2. The device according to claim 1, wherein the means for
determining is configured to determine a driving time to
destination Z, a driving distance to destination Z and/or a
required fuel consumption for the alternative route R2 in relation
to using the current route R1, and output the driving time to
destination Z, the driving distance to destination Z and/or the
required fuel consumption for the alternative route R2 in relation
to using the current route R1 with the output means.
3. The device according to claim 1, wherein the approaching
position P is a turnoff, which when taken must result in a
departure from the current route R1, and which lies a distance
ranging from 10 m to 1000 m or 50 m to 500 m or 50 m to 300 m ahead
of the current position PF of the vehicle on the current route
R1.
4. The device according to claim 1, further comprising a means for
determining the approaching position P, which can be linked with a
navigation database.
5. The device according to claim 1, wherein the sensor for
acquiring the vehicle environment is an optical sensor or radar
sensor or an ultrasonic sensor or LIDAR sensor.

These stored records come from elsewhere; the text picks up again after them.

Lemma hcomp_brr d y x k : Ug d y -> hcomp k (br x y) = br (hcomp (k - d) x) y.
Proof.
move=> y_d; rewrite (@hcomp_of_sum [seq (j + d, br (hcomp j x) y) | j <- hsupp x] (br x y)).
- rewrite big_map /= (eq_bigl (fun j => j == k - d)); last first.
    by move=> j; rewrite [RHS]eq_sym subr_eq eq_sym.
  rewrite big_mkcond /= (@sum_uniq_pred1 _ _ _ _ (fun j => br (hcomp j x) y)) ?hsupp_uniq //.
  by case: ifP => // /negbT kd_x; rewrite hcomp_notin_hsupp // (islin0 (brl y)).
- by move=> p /mapP[j _ ->] /=; exact: (gls_deg HG (hcomp_deg j x) y_d).
- by rewrite big_map -(islin_sum (brl y)) -sum_hcomp.
Qed.

Lemma br_hcomp_sum y z :
  br y z = \sum_(i <- hsupp y) \sum_(j <- hsupp z) br (hcomp i y) (hcomp j z).
Proof.
rewrite {1}(sum_hcomp y) (islin_sum (brl z)); apply: eq_bigr => i _.
by rewrite {1}(sum_hcomp z) (islin_sum (brr _)).
Qed.

Lemma hcomp_br_sum k y z :
  hcomp k (br y z) = \sum_(i <- hsupp y) br (hcomp i y) (hcomp (k - i) z).
Proof.
rewrite {1}(sum_hcomp y) (islin_sum (brl z)) (islin_sum (hcomp_lin k)).
by apply: eq_bigr => i _; rewrite (hcomp_brl _ _ (hcomp_deg i y)).
Qed.

Definition hstable (P : U -> Prop) := forall k x, P x -> P (hcomp k x).

Lemma hstable_graded P : hstable P -> is_graded Ug P.
Proof.
move=> P_st x Px; exists [seq (k, hcomp k x) | k <- hsupp x]; split.
  by move=> p /mapP[k _ ->] /=; split; [exact: hcomp_deg | exact: P_st].
by rewrite big_map /= -sum_hcomp.
Qed.

Lemma graded_hstable P : is_subspace P -> is_graded Ug P -> hstable P.
Proof.
move=> P_sub P_gr k x /P_gr[s [s_hom ->]].
rewrite (@hcomp_of_sum s) //; last by move=> p /s_hom[].
by apply: subspace_sum_seq => // p p_s _; case: (s_hom p p_s).
Qed.

Lemma Ugeq_hcomp n x : Ugeq Ug n x -> forall k, k < n -> hcomp k x = 0.
Proof.
move=> [t [t_hom ->]] k kn; rewrite (@hcomp_of_sum t) //; last by move=> p /t_hom[].
by apply: sum_deg_notin => p /t_hom[np _]; apply: contraTneq kn => <-; rewrite -leNgt.
Qed.

Lemma hcomp_Ugeq n x : (forall k, k < n -> hcomp k x = 0) -> Ugeq Ug n x.
Proof.
move=> x_lt; exists [seq (k, hcomp k x) | k <- [seq k <- hsupp x | n <= k]]; split.
  move=> p /mapP[k]; rewrite mem_filter => /andP[nk _] -> /=.
  by split => //; exact: hcomp_deg.
rewrite big_map big_filter /= {1}(sum_hcomp x) (bigID (fun k => n <= k)) /=.
by rewrite [X in _ + X]big1 ?addr0 // => k; rewrite -ltNge => /x_lt.
Qed.

Lemma Ugeq_hom n k x : Ug k x -> n <= k -> Ugeq Ug n x.
Proof.
move=> x_k nk; exists [:: (k, x)]; split; last by rewrite big_seq1.
by move=> p; rewrite inE => /eqP ->.
Qed.

Lemma Uleq_hcomp m x : Uleq Ug m x -> forall k, m < k -> hcomp k x = 0.
Proof.
move=> [t [t_hom ->]] k mk; rewrite (@hcomp_of_sum t) //; last by move=> p /t_hom[].
by apply: sum_deg_notin => p /t_hom[pm _]; apply: contraTneq mk => <-; rewrite -leNgt.
Qed.

Lemma Uleq_hom m k x : Ug k x -> k <= m -> Uleq Ug m x.
Proof.
move=> x_k km; exists [:: (k, x)]; split; last by rewrite big_seq1.
by move=> p; rewrite inE => /eqP ->.
Qed.

Lemma hstable_subalgebra (P : U -> Prop) : is_subspace P -> hstable P ->
  (forall i j y z, Ug i y -> Ug j z -> P y -> P z -> P (br y z)) ->
  is_subalgebra Ug br P.
Proof.
move=> P_sub P_st P_br; split => //; first exact: hstable_graded.
move=> y z Py Pz; rewrite br_hcomp_sum; apply: subspace_sum => // i _.
apply: subspace_sum => // j _.
exact: P_br (hcomp_deg i y) (hcomp_deg j z) (P_st _ _ Py) (P_st _ _ Pz).
Qed.

Lemma subalgebra_hstable (P : U -> Prop) : is_subalgebra Ug br P -> hstable P.
Proof. by case=> P_sub P_gr _; apply: graded_hstable. Qed.

Lemma hstable_ideal (A P : U -> Prop) : hstable A ->
  is_subspace P -> hstable P -> (forall x, P x -> A x) ->
  (forall d y z, A y -> Ug d y -> P z -> P (br y z)) -> is_ideal_of Ug br A P.
Proof.
move=> A_st P_sub P_st PA P_br; split => //; first exact: hstable_graded.
move=> y z Ay Pz; split.
  rewrite {1}(sum_hcomp y) (islin_sum (brl z)); apply: subspace_sum => // i _.
  exact: P_br (A_st _ _ Ay) (hcomp_deg i y) Pz.
rewrite br_hcomp_sum; apply: subspace_sum => // i _; apply: subspace_sum => // j _.
rewrite (gls_anti HG (hcomp_deg i z) (hcomp_deg j y)).
apply: subspaceN => //; apply: subspaceZ => //.
exact: P_br (A_st _ _ Ay) (hcomp_deg j y) (P_st _ _ Pz).
Qed.

End Graded.

Section LieLeibnizQuotient.
Variable K : fieldType.
Hypothesis two_neq0 : (2%:R : K) != 0.
Variables (g : lmodType K) (bg : g -> g -> g) (V : lmodType K) (act : g -> V -> V) (Th : V -> g).
Variables (U : lmodType K) (Ug : int -> U -> Prop) (br : U -> U -> U) (i0 : g -> U) (i1 : V -> U).
Hypothesis HU : is_U bg act Ug br i0 i1.
Variable theta : U.
Hypothesis theta_deg : Ug (-1) theta.
Hypothesis br_theta_i1 : forall v, br theta (i1 v) = i0 (Th v).
Variable sigma : U -> V.
Hypothesis sigma_lin : forall (a : K) x y, Ug 2 x -> Ug 2 y ->
  sigma (a *: x + y) = a *: sigma x + sigma y.
Hypothesis sigma_br : forall u v,
  sigma (br (i1 u) (i1 v)) = 2%:R^-1 *: (act (Th u) v + act (Th v) u).

Let HG : graded_lie_super Ug br. Proof. by case: HU. Qed.
Let Ug0E x : Ug 0 x <-> exists a, x = i0 a. Proof. by case: HU => _ []. Qed.
Let i1_lin : is_lin i1. Proof. by case: HU => _ _ []. Qed.
Let i1_inj : injective i1. Proof. by case: HU => _ _ []. Qed.
Let Ug1E x : Ug 1 x <-> exists v, x = i1 v. Proof. by case: HU => _ _ []. Qed.
Let br_i0_i1 a v : br (i0 a) (i1 v) = i1 (act a v). Proof. by case: HU => _ _ []. Qed.
Let Ug_neg_eq0 (k : int) : k <= -1 -> forall x, Ug k x -> (forall v, br x (i1 v) = 0) -> x = 0.
Proof. by move=> k_neg; case: HU => _ _ _ U_neg _; exact: (U_neg k k_neg).1. Qed.
Let Ugeq1_gen x : Ugeq Ug 1 x -> gen_subalg Ug br (fun y => exists v, y = i1 v) x.
Proof. by case: HU => _ _ _ _ [U_free _]; apply: U_free. Qed.

Local Notation hcomp := (hcomp HG).
Local Notation hsupp := (hsupp HG).
Local Notation hstable := (hstable HG).

Let Ug_sub k : is_subspace (Ug k) := gls_sub HG k.
Let brl y : is_lin (br^~ y) := isbilin_l (gls_bilin HG) y.
Let brr x : is_lin (br x) := isbilin_r (gls_bilin HG) x.

Lemma br0l y : br 0 y = 0. Proof. exact: (islin0 (brl y)). Qed.
Lemma br0r x : br x 0 = 0. Proof. exact: (islin0 (brr x)). Qed.
Lemma Ug0_i0 a : Ug 0 (i0 a). Proof. by apply/Ug0E; exists a. Qed.
Lemma Ug1_i1 v : Ug 1 (i1 v). Proof. by apply/Ug1E; exists v. Qed.
Lemma Ug2_br_i1 u v : Ug 2 (br (i1 u) (i1 v)).
Proof. exact: (gls_deg HG (Ug1_i1 u) (Ug1_i1 v)). Qed.

Lemma jacobi_l i j x y z : Ug i x -> Ug j y ->
  br (br x y) z = br x (br y z) - psign K i j *: br y (br x z).
Proof. by move=> x_i y_j; rewrite (gls_jacobi HG _ x_i y_j) addrK. Qed.

Definition gmod (W : U -> Prop) := forall a y, W y -> W (br (i0 a) y).
Definition RTh x := forall P, is_subspace P -> P theta -> gmod P -> P x.

Lemma RTh_theta : RTh theta. Proof. by move=> P. Qed.

Lemma RTh_subspace : is_subspace RTh.
Proof.
split=> [P P_sub _ _|a x y Rx Ry P P_sub P_th P_g]; first exact: subspace0 P_sub.
exact: P_sub.2 (Rx P P_sub P_th P_g) (Ry P P_sub P_th P_g).
Qed.

Lemma RTh_gmod : gmod RTh.
Proof. by move=> a y Ry P P_sub P_th P_g; exact: P_g a y (Ry P P_sub P_th P_g). Qed.

Lemma RTh_deg x : RTh x -> Ug (-1) x.
Proof. by apply => // a y y_deg; have := gls_deg HG (Ug0_i0 a) y_deg; rewrite add0r. Qed.

Definition bracket_span w :=
  exists s : seq (V * V), w = \sum_(p <- s) br (i1 p.1) (i1 p.2).

Lemma bracket_span_subspace : is_subspace bracket_span.
Proof.
split=> [|a x y [s ->] [t ->]]; first by exists [::]; rewrite big_nil.
exists ([seq (a *: p.1, p.2) | p <- s] ++ t); rewrite big_cat big_map scaler_sumr.
by congr (_ + _); apply: eq_bigr => p _ /=; rewrite (islinZ i1_lin) (islinZ (brl _)).
Qed.

Lemma bracket_span_br u v : bracket_span (br (i1 u) (i1 v)).
Proof. by exists [:: (u, v)]; rewrite big_seq1. Qed.

(* A subalgebra containing U_1, hence containing U_2 since U_+ is generated
   by U_1. *)
Definition deg2_bracket_span z :=
  (forall k, k <= 0 -> hcomp k z = 0) /\ bracket_span (hcomp 2 z).
Lemma rm_iter_comm (f : {rmorphism R -> R}) (h : R -> R) m r :
  (forall x, f (h x) = h (f x)) -> rm_iter f m (h r) = h (rm_iter f m r).
Proof. by move=> fh; elim: m => //= m ->. Qed.

Lemma creg_rm_iter (f : {rmorphism R -> R}) m c :
  (forall c, creg c -> creg (f c)) -> creg c -> creg (rm_iter f m c).
Proof. by move=> hf hc; elim: m => //= m; apply: hf. Qed.

Definition spow i (z : int) : {rmorphism R -> R} :=
  match z with Posz m => rm_iter (s i) m | Negz m => rm_iter (si i) m.+1 end.

Lemma spow_s i j z r : spow i z (s j r) = s j (spow i z r).
Proof.
by case: z => m; apply: rm_iter_comm => x; [apply: s_comm | apply: si_s_comm].
Qed.

Lemma spowS i z r : spow i (z + 1) r = s i (spow i z r).
Proof.
case: z => [m|[|m]]; first by have -> : Posz m + 1 = Posz m.+1 by lia.
  by rewrite /= siK.
have -> : Negz m.+1 + 1 = Negz m by lia.
by rewrite /= siK.
Qed.

Lemma creg_spow i z c : creg c -> creg (spow i z c).
Proof. by case: z => m; apply: creg_rm_iter; [apply: creg_s | apply: creg_si]. Qed.

(* twist g is the product of the (sigma_i^{1/2})^{g_i}, so twist (h + h) is sigma^h. *)
Definition twist_on (l : seq 'I_n) (g : 'rV[int]_n) : {rmorphism R -> R} :=
  foldr (fun i (f : {rmorphism R -> R}) => (spow i (g 0 i) \o f : {rmorphism R -> R})) idfun l.

Definition twist := twist_on (enum 'I_n).

Lemma twist0 r : twist 0 r = r.
Proof. by rewrite /twist; elim: (enum 'I_n) => //= i l ->; rewrite mxE. Qed.

Lemma twist_comm_s g j r : twist g (s j r) = s j (twist g r).
Proof. by rewrite /twist; elim: (enum 'I_n) => //= i l ->; rewrite spow_s. Qed.

Let twist_on_eq l (g g' : 'rV[int]_n) r :
  {in l, forall i, g 0 i = g' 0 i} -> twist_on l g r = twist_on l g' r.
Proof.
elim: l => //= i l IH gg'; rewrite gg' ?mem_head // IH // => a al.
by apply: gg'; rewrite in_cons al orbT.
Qed.

Let twist_onDe l (g : 'rV[int]_n) j r :
  uniq l -> j \in l -> twist_on l (g + unitvec j) r = s j (twist_on l g r).
Proof.
elim: l => //= i l IH /andP[il ul] jil.
have [<-{IH jil}|ij] := eqVneq i j.
  rewrite (@twist_on_eq _ _ g) => [|a al]; first by rewrite !mxE !eqxx spowS.
  have /negbTE ai : a != i by apply: contraNneq il => <-.
  by rewrite !mxE eqxx ai addr0.
have jl : j \in l by move: jil; rewrite in_cons eq_sym (negbTE ij).
by rewrite IH // !mxE eqxx (negbTE ij) addr0 spow_s.
Qed.

Lemma twistDe g j r : twist (g + unitvec j) r = s j (twist g r).
Proof. by rewrite twist_onDe ?enum_uniq ?mem_enum. Qed.

Lemma twist_congr g g' r : g = g' -> twist g r = twist g' r.
Proof. by move->. Qed.

Lemma twist_s g j r : twist g (s j r) = twist (g + unitvec j) r.
Proof. by rewrite twist_comm_s twistDe. Qed.

Lemma twist_si g j r : twist g (si j r) = twist (g - unitvec j) r.
Proof. by apply: (can_inj (sK j)); rewrite -twist_comm_s siK -twistDe subrK. Qed.

Lemma creg_twist g c : creg c -> creg (twist g c).
Proof. by move=> hc; rewrite /twist; elim: (enum 'I_n) => //= i l IH; apply: creg_spow. Qed.

Variable t : 'I_n -> R.
Hypothesis t_creg : forall i, creg (t i).
Hypothesis cons1 : forall i j, i != j ->
  s j (t i) * s i (t j) = si j (t i) * si i (t j).
Hypothesis cons2 : forall i j l, i != j -> j != l -> i != l ->
  s i (s j (t l)) * si i (si j (t l)) = s i (si j (t l)) * si i (s j (t l)).

Definition tau i (h : 'rV[int]_n) := twist (h + h) (s i (t i)).

Lemma creg_tau i h : creg (tau i h).
Proof. exact/creg_twist/creg_s. Qed.

Definition tau_cden i h : cden R := CDen (creg_tau i h).

Lemma tau_cons1 i j h : i != j ->
  tau i (h + unitvec j) * tau j (h + unitvec i) = tau i h * tau j h.
Proof.
move=> ij; have := congr1 (twist (h + h + unitvec i + unitvec j)) (cons1 _ _ ij).
rewrite !rmorphM /tau !(twist_s, twist_si) => e.
by apply: etrans (etrans _ e) _; congr (_ * _); apply: twist_congr; vec_eq.
Qed.

Lemma tau_cons2 l i j h : i != j -> j != l -> i != l ->
  tau l (h + unitvec i + unitvec j) * tau l h = tau l (h + unitvec i) * tau l (h + unitvec j).
Proof.
move=> ij jl il.
have := congr1 (twist (h + h + unitvec i + unitvec j + unitvec l)) (cons2 _ _ _ ij jl il).
rewrite !rmorphM /tau !(twist_s, twist_si) => e.
by apply: etrans (etrans _ e) _; congr (_ * _); apply: twist_congr; vec_eq.
Qed.

Definition tau_ratio l d (h : 'rV[int]_n) : cfrac R := frac (tau l (h + unitvec d)) (tau_cden l h).

Lemma tau_ratio_eq l d h h' :
  tau_ratio l d h = tau_ratio l d h' <->
  tau l (h + unitvec d) * tau l h' = tau l (h' + unitvec d) * tau l h.
Proof. exact: frac_eq. Qed.
Section Similarities.
Variables (R : realType) (d : nat).
Notation V := 'rV[R]_d.
Implicit Types (x y : V) (f : V -> V).

Definition is_similarity f (r : R) := forall x y, enorm (f x - f y) = r * enorm (x - y).

Lemma isometry0_dotv f : f 0 = 0 -> is_similarity f 1 ->
  forall x y, dotv (f x) (f y) = dotv x y.
Proof.
move=> f0 isof x y.
have fnorm z : dotv (f z) (f z) = dotv z z.
  by rewrite -!sqr_enorm -(subr0 (f z)) -f0 isof mul1r subr0.
have fdist : dotv (f x - f y) (f x - f y) = dotv (x - y) (x - y).
  by rewrite -!sqr_enorm isof mul1r.
rewrite !dotvBB !fnorm in fdist; lra.
Qed.

Lemma similarity_affine f r : 0 < r -> is_similarity f r ->
  exists M : 'M[R]_d, M *m M^T = 1%:M /\ forall x, f x = f 0 + r *: (x *m M).
Proof.
move=> r0 simf.
pose g x := r^-1 *: (f x - f 0).
have g0 : g 0 = 0 by rewrite /g subrr scaler0.
have isog : is_similarity g 1.
  move=> x y; rewrite /g -scalerBr opprB addrA subrK enormZ simf mulrA.
  by rewrite ger0_norm ?invr_ge0 ?ltW // mulVf ?gt_eqF.
have gdot := isometry0_dotv g0 isog.
pose M := \matrix_(k, j) g 'e_k ord0 j.
have rowM k : row k M = g 'e_k by apply/rowP => j; rewrite !mxE.
have ge_orth k l : dotv (g 'e_k) (g 'e_l) = (k == l)%:R.
  by rewrite gdot dotv_deltal !mxE eqxx eq_sym.
have mulM_dotv x w : dotv (x *m M) w = \sum_k x ord0 k * dotv (g 'e_k) w.
  by rewrite mulmx_sum_row dotv_suml; apply: eq_bigr => k _; rewrite rowM dotvZl.
have ge_g x k : dotv (g 'e_k) (g x) = x ord0 k by rewrite gdot dotv_deltal.
have ge_mulM x k : dotv (g 'e_k) (x *m M) = x ord0 k.
  rewrite dotvC mulM_dotv -[RHS]dotv_deltal [in RHS](row_sum_delta x) dotv_sumr.
  apply: eq_bigr => l _.
  by rewrite dotvZr ge_orth dotvC dotv_deltal !mxE eqxx eq_sym.
have g_linear x : g x = x *m M.
  apply/subr0_eq/dotvv_eq0.
  rewrite dotvBB (dotvC (g x)) !mulM_dotv.
  under eq_bigr do rewrite ge_g.
  under [X in _ + X]eq_bigr do rewrite ge_mulM.
  rewrite gdot /dotv; ring.
exists M; split.
  apply/matrixP => k l; rewrite !mxE -(ge_orth k l).
  by apply: eq_bigr => j _; rewrite !mxE.
by move=> x; rewrite -g_linear /g scalerA mulfV ?gt_eqF // scale1r addrC subrK.
Qed.

Lemma dotv_similarity f r : 0 < r -> is_similarity f r -> forall a : V,
  exists2 a' : V, enorm a' = enorm a & forall x, dotv a (f x) = dotv a (f 0) + r * dotv a' x.
Proof.
move=> r0 simf a.
have [M [MMT fM]] := similarity_affine r0 simf.
exists (a *m M^T).
  rewrite /enorm !dotv_mulmx trmx_mul trmxK mulmxA -(mulmxA a) mulmx1C //.
  by rewrite mulmx1.
by move=> x; rewrite fM dotvDr dotvZr !dotv_mulmx trmx_mul mulmxA.
Qed.

End Similarities.

Section Width.
Variables (R : realType) (d : nat).
Notation V := 'rV[R]_d.
Implicit Types (K : set V).

Definition in_hyperplane K := exists L, is_hyperplane L /\ K `<=` L.

Definition far_from_hyperplanes K (de : R) := forall (a : V) (b : R), a != 0 ->
  exists2 x, K x & de * enorm a <= `|dotv a x - b|.

Lemma finite_pos_lower_bound (T : eqType) (s : seq T) (g : T -> R) :
  (forall i, i \in s -> 0 < g i) -> exists2 e : R, 0 < e & forall i, i \in s -> e <= g i.
Proof.
elim: s => [|a s IH] gpos; first by exists 1.
have [e e0 le_e] := IH (fun i si => gpos i (mem_behead (s := a :: s) si)).
exists (Num.min e (g a)); first by rewrite lt_min e0 gpos ?mem_head.
move=> i; rewrite in_cons => /orP[/eqP ->|si]; first by rewrite ge_min lexx orbT.
by rewrite ge_min le_e.
Qed.

Lemma continuous_normr_dotvl (w : V) : continuous (fun a : V => `|dotv a w|).
Proof.
have lip u v : `|dotv u w - dotv v w| <= d%:R * enorm w * `|u - v|.
  rewrite -dotvBl; have := enorm_le_mxnorm (u - v); have := enorm_ge0 w.
  have := cauchy_schwarz (u - v) w; nra.
have c0 : 0 < d%:R * enorm w + 1 by rewrite ltr_wpDl ?mulr_ge0 ?enorm_ge0.
move=> a; apply/(@cvgrPdist_lt _ _ _ (nbhs a) (nbhs_filter a)) => e e0.
apply/nbhs_ballP; exists (e / (d%:R * enorm w + 1)) => /=; first by rewrite divr_gt0.
move=> b; rewrite -ball_normE /= ltr_pdivlMr // => ab.
apply: le_lt_trans (ler_dist_dist _ _) _; apply: le_lt_trans (lip _ _) _.
have := normr_ge0 (a - b); have : 0 <= d%:R * enorm w by rewrite mulr_ge0 ?enorm_ge0.
nra.
Qed.

Lemma compact_unit_sphere : compact [set a : V | `|a| = 1].
Proof.
apply: bounded_closed_compact.
  apply: filterS (nbhs_pinfty_ge (r := 1) _) => // M M1 x /= ->.
  exact: M1.
exact: (continuous_closedP _).1 (@norm_continuous _ _) _ (closed_eq (y := 1)).
Qed.

Lemma not_in_hyperplane_dotv K p (a : V) : ~ in_hyperplane K -> a != 0 ->
  exists2 x, K x & dotv a x != dotv a p.
Proof.
move=> nL a0; apply: contrapT => allp; apply: nL.
exists [set x | dotv a x = dotv a p]; split; first by exists a, (dotv a p).
by move=> x Kx /=; apply: contrapT => /eqP xp; apply: allp; exists x.
Qed.

(* Compactness of the unit sphere makes the positive gap [|<a, x - p>|]
   uniform in the direction [a]. *)
Lemma not_in_hyperplane_unit_gap K p : ~ in_hyperplane K ->
  exists2 e : R, 0 < e & forall a : V, `|a| = 1 -> exists2 x, K x & e < `|dotv a (x - p)|.
Proof.
move=> nL.
pose D := [set q : V * R | K q.1 /\ 0 < q.2].
pose F (q : V * R) := [set a : V | q.2 < `|dotv a (q.1 - p)|].
have F_open q : D q -> open (F q).
  move=> _; apply: (@open_comp _ _ (fun a : V => `|dotv a (q.1 - p)|) [set x | q.2 < x]).
    by move=> a _; apply: continuous_normr_dotvl.
  exact: open_gt.
have cover_sphere : [set a : V | `|a| = 1] `<=` cover D F.
  move=> a a1; have a0 : a != 0 by rewrite -normr_gt0 a1.
  have [x Kx xp] := not_in_hyperplane_dotv p nL a0.
  have gap0 : 0 < `|dotv a (x - p)| by rewrite normr_gt0 dotvBr subr_eq0.
  exists (x, `|dotv a (x - p)| / 2); first by split; rewrite //= divr_gt0.
  by rewrite /F /= gtr_pMr ?invf_lt1 ?ltr1n.
have sphere_cover : cover_compact [set a : V | `|a| = 1].
  by rewrite -compact_cover; exact: compact_unit_sphere.
have [D' D'D finite_cover] := sphere_cover _ D F F_open cover_sphere.
have D'_D q : q \in D' -> D q by move=> /D'D /set_mem.
have [e e0 le_e] := finite_pos_lower_bound (fun q qD' => (D'_D q qD').2).
exists e => // a a1.
have [[x eta] /= qD' Fx] := finite_cover a a1.
by exists x; [exact: (D'_D _ qD').1 | exact: le_lt_trans (le_e _ qD') Fx].
Qed.

Lemma not_in_hyperplane_far K : K !=set0 -> ~ in_hyperplane K ->
  exists2 de : R, 0 < de & far_from_hyperplanes K de.
Proof.
move=> [p Kp] nL; have [e e0 gap] := not_in_hyperplane_unit_gap p nL.
have d1 : 0 < d%:R + 1 :> R by rewrite ltr_wpDl.
exists (e / 2 / (d%:R + 1)) => [|a b a0]; first by rewrite !divr_gt0.
have na : 0 < `|a| by rewrite normr_gt0.
have [x Kx gapx] : exists2 x, K x & e < `|dotv (`|a|^-1 *: a) (x - p)|.
  by apply: gap; rewrite normrZ normrV ?unitfE ?gt_eqF // normr_id mulVf ?gt_eqF.
have {}gapx : e * `|a| < `|(dotv a x - b) - (dotv a p - b)|.
  rewrite dotvZl dotvBr normrM normrV ?unitfE ?gt_eqF // normr_id in gapx.
  by rewrite -ltr_pdivlMr // -[X in _ < X]mulrC; congr (_ < _ * `|_|): gapx; ring.
have tri := ler_normB (dotv a x - b) (dotv a p - b).
have ena : e / 2 / (d%:R + 1) * enorm a <= e / 2 * `|a|.
  have enorm_le : enorm a <= (d%:R + 1) * `|a|.
    by apply: le_trans (enorm_le_mxnorm a) _; rewrite ler_wpM2r ?lerDl.
  apply: le_trans (ler_wpM2l _ enorm_le) _; first by rewrite !divr_ge0 ?ltW.
  by rewrite mulrA divfK ?gt_eqF.
have [far_x|near_x] := leP (e / 2 * `|a|) `|dotv a x - b|.
  by exists x => //; apply: le_trans far_x.
by exists p => //; apply: le_trans ena _; lra.
Qed.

6. The device according to claim 1, wherein the sensor for
acquiring the vehicle state is a position sensor or speed sensor or
acceleration sensor or gas pedal position sensor or brake pedal
position sensor or turn signal sensor or steering angle sensor.
7. The device according to claim 1, further comprising a warning
device, which outputs a warning depending on the ascertained
probability value W for departure from the current route R1 and
distance between the current vehicle position PF and the
approaching position P.
8. The device according to claim 7, wherein the warning device
outputs different warnings depending on the distance between the
current vehicle position and the approaching position P.
9. The device according to claim 1, wherein the means for
determining determines the alternative route R2 according to set
criteria as the shortest, fastest or most economical route.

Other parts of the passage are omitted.